TASK ITEM: Filter the entries down to the lines containing "points", and copy those lines.

Stored items:
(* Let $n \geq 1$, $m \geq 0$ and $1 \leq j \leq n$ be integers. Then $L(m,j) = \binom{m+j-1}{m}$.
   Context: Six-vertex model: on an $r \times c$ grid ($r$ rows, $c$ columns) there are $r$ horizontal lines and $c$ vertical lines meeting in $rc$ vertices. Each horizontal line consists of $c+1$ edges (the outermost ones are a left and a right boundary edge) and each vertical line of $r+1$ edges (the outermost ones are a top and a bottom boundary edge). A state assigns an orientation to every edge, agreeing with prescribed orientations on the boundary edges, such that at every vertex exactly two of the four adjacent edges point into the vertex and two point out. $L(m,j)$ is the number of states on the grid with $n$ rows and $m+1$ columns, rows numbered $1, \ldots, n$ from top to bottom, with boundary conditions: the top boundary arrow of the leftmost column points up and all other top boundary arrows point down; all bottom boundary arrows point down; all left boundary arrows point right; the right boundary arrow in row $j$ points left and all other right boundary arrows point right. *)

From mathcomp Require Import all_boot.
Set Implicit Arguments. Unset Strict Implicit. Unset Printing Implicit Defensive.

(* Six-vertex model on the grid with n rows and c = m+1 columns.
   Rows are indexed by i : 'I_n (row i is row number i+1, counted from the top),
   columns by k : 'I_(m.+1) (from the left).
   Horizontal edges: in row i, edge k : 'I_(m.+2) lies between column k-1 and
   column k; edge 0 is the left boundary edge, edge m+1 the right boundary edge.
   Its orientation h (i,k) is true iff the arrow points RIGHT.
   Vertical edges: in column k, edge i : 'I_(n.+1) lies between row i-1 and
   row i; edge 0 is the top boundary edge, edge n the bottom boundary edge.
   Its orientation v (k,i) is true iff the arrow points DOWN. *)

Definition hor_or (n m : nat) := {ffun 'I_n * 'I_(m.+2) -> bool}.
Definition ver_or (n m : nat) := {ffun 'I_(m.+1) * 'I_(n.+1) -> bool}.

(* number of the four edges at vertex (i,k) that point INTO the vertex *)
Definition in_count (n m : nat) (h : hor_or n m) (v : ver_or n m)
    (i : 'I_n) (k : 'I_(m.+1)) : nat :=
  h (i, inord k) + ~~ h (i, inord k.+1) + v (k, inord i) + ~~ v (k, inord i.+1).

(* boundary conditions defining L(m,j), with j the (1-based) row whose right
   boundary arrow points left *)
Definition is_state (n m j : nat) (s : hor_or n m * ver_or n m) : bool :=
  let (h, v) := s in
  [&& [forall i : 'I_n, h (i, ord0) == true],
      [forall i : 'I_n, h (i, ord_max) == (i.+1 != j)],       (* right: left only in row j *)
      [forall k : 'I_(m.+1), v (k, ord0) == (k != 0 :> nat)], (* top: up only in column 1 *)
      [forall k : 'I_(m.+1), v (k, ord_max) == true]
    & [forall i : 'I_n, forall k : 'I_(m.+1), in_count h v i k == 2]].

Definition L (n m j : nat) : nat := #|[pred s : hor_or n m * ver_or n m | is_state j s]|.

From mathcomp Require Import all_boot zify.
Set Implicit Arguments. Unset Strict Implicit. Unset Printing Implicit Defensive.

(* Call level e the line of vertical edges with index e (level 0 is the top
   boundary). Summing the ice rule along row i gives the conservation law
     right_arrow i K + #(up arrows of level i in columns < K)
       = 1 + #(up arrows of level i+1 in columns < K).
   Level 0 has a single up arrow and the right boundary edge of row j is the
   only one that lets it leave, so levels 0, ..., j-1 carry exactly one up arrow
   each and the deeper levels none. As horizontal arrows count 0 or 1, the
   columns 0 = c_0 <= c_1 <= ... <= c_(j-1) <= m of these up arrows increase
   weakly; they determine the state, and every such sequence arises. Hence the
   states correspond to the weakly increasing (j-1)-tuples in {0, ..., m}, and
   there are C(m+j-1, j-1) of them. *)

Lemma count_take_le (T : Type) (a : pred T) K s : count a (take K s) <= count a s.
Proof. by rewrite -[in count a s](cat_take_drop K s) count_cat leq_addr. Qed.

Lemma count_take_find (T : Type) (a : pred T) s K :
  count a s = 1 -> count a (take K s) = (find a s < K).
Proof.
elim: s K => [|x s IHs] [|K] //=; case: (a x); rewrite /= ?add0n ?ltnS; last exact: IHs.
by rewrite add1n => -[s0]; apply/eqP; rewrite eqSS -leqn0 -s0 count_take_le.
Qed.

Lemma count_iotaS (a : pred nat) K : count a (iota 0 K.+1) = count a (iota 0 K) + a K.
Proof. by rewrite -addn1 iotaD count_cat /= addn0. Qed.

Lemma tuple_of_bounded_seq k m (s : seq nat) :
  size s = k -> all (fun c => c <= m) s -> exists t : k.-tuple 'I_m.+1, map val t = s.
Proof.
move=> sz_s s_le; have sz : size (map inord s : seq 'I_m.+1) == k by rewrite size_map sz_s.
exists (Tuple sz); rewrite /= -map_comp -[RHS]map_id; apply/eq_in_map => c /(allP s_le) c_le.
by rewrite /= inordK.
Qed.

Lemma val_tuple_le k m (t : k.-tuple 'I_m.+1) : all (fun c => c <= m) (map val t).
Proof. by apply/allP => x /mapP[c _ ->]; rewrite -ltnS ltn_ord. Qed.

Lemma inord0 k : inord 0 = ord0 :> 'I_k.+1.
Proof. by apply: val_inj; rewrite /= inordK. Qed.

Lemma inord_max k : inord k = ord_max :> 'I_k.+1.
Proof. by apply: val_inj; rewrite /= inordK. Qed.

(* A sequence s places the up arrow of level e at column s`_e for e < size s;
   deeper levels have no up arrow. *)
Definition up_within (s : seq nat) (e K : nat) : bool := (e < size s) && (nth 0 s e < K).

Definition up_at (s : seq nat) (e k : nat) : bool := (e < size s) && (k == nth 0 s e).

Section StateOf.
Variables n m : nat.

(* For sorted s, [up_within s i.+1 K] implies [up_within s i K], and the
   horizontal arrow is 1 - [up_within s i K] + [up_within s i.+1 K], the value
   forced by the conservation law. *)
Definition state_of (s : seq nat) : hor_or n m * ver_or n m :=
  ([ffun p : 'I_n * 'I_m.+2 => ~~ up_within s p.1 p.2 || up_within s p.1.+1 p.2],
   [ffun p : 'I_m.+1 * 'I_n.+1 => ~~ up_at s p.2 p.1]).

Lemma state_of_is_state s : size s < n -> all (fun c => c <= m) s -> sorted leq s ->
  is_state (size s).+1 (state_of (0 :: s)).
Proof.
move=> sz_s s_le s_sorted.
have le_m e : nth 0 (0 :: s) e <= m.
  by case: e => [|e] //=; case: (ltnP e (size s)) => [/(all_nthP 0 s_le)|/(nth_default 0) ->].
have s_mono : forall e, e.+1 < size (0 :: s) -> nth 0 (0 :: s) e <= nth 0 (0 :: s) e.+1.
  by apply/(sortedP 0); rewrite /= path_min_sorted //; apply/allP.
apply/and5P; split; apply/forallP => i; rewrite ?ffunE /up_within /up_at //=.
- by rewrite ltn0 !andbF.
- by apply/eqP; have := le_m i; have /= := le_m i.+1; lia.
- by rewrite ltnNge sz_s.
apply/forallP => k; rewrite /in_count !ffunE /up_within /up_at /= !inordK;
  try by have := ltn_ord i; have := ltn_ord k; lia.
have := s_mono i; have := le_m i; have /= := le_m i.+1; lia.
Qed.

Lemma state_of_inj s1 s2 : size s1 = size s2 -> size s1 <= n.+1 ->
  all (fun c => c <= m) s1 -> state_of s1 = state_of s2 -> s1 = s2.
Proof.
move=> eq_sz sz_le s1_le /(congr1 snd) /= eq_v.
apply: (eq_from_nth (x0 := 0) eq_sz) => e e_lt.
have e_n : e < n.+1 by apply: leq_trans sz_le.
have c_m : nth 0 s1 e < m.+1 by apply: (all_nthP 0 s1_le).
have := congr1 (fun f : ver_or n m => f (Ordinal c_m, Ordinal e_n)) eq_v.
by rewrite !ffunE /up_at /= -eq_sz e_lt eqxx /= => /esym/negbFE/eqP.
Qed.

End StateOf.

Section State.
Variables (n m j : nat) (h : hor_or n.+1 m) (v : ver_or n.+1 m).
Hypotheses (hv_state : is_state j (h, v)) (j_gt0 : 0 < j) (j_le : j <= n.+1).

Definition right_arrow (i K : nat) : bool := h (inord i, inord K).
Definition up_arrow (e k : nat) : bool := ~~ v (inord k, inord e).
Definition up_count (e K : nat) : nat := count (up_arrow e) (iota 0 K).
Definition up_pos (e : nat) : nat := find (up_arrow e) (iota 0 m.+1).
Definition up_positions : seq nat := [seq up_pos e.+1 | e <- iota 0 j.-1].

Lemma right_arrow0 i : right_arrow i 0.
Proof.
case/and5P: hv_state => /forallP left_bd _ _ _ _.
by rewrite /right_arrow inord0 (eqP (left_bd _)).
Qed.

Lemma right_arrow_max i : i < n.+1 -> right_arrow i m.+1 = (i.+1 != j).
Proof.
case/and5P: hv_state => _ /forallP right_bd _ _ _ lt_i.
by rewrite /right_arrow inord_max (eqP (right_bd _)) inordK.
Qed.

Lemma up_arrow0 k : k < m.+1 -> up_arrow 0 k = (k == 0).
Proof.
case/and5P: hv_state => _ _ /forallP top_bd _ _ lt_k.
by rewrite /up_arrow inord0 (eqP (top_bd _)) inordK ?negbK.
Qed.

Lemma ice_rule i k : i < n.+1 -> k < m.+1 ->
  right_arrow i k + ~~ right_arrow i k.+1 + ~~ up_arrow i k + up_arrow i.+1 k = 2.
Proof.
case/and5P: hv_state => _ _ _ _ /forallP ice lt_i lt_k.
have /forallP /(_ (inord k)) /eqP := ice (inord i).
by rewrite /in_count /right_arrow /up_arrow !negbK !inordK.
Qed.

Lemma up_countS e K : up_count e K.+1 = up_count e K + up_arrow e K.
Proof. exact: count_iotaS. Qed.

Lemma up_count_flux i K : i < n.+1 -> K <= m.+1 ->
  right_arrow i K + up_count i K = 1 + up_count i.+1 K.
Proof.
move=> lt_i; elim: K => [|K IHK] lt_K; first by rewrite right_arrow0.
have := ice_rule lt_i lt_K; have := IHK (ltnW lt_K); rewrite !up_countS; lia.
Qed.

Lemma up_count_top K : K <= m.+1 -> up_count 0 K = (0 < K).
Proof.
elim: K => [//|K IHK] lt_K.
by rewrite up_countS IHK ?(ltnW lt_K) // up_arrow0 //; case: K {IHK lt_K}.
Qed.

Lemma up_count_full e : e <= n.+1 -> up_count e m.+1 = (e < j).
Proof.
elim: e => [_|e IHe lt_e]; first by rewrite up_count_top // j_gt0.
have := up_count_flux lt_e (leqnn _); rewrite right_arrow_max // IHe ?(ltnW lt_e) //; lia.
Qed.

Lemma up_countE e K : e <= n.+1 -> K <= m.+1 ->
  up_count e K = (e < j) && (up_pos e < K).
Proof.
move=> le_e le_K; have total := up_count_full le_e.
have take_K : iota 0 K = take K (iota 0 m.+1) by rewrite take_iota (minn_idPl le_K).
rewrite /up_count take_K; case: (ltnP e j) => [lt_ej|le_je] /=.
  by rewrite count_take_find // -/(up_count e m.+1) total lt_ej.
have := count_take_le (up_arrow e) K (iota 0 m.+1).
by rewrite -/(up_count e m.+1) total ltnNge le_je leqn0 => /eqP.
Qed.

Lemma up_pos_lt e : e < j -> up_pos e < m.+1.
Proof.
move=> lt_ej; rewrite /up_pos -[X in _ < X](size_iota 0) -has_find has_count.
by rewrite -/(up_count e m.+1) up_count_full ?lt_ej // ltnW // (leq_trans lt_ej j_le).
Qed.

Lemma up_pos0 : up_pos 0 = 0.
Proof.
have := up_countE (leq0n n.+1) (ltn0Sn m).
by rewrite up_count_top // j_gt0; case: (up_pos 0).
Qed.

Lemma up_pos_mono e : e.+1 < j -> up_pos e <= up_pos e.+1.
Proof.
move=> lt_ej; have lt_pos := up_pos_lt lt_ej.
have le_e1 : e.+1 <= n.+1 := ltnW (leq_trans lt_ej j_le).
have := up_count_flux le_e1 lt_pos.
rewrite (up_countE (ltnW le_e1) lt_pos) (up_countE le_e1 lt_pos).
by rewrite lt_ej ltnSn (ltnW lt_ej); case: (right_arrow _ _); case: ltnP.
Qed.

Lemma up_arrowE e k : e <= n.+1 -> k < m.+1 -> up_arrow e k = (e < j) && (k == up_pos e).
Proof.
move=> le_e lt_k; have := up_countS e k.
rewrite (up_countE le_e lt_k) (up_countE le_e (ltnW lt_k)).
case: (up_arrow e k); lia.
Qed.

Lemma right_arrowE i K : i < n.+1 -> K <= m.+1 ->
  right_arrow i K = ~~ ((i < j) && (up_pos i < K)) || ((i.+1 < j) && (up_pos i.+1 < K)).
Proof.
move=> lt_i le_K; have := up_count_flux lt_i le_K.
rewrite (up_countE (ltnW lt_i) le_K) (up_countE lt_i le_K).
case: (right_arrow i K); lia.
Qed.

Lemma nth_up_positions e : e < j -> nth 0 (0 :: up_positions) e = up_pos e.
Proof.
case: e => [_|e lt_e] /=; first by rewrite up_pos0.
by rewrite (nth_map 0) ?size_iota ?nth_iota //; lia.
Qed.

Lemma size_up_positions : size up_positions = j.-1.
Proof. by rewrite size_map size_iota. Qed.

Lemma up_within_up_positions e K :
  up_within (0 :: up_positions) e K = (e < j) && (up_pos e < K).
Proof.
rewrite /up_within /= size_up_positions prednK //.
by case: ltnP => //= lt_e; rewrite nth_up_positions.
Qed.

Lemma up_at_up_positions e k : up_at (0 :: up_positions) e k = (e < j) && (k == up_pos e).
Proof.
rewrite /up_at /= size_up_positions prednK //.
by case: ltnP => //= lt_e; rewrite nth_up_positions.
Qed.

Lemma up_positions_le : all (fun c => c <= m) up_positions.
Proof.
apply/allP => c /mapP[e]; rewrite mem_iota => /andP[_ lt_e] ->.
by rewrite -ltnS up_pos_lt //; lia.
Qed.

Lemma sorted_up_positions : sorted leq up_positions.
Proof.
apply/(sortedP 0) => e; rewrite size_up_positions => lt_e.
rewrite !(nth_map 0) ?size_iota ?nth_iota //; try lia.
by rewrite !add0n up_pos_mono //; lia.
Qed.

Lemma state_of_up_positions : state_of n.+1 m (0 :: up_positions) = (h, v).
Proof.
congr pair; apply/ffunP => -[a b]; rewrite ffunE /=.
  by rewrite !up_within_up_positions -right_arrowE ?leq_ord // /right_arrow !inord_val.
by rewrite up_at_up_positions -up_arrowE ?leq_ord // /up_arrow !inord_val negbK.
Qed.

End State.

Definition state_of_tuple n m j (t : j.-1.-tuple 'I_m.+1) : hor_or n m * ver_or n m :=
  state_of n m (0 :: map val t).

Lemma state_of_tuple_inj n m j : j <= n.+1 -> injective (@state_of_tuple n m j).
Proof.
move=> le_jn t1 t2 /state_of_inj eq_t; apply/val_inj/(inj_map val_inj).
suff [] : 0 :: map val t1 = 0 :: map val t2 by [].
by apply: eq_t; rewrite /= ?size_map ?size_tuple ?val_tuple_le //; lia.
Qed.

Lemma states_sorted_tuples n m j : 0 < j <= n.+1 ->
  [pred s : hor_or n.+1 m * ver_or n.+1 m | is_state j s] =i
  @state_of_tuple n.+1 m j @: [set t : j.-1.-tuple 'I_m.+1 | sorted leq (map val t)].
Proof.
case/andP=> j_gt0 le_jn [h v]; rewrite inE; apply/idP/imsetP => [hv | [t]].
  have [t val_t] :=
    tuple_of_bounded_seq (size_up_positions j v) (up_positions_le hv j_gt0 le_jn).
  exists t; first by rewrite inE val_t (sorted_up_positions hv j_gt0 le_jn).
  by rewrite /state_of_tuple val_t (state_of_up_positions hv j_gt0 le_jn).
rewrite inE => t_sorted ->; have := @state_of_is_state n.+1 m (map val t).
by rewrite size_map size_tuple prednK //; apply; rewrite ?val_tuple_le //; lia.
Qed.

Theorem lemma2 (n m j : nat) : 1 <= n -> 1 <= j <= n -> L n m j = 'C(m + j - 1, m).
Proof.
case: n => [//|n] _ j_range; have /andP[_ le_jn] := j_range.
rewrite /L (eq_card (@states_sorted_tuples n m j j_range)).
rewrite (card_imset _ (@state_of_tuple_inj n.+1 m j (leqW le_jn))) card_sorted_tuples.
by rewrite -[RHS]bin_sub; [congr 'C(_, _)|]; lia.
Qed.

ANSWER AREA:
   Context: Six-vertex model: on an $r \times c$ grid ($r$ rows, $c$ columns) there are $r$ horizontal lines and $c$ vertical lines meeting in $rc$ vertices. Each horizontal line consists of $c+1$ edges (the outermost ones are a left and a right boundary edge) and each vertical line of $r+1$ edges (the outermost ones are a top and a bottom boundary edge). A state assigns an orientation to every edge, agreeing with prescribed orientations on the boundary edges, such that at every vertex exactly two of the four adjacent edges point into the vertex and two point out. $L(m,j)$ is the number of states on the grid with $n$ rows and $m+1$ columns, rows numbered $1, \ldots, n$ from top to bottom, with boundary conditions: the top boundary arrow of the leftmost column points up and all other top boundary arrows point down; all bottom boundary arrows point down; all left boundary arrows point right; the right boundary arrow in row $j$ points left and all other right boundary arrows point right. *)
   Its orientation h (i,k) is true iff the arrow points RIGHT.
   Its orientation v (k,i) is true iff the arrow points DOWN. *)
   boundary arrow points left *)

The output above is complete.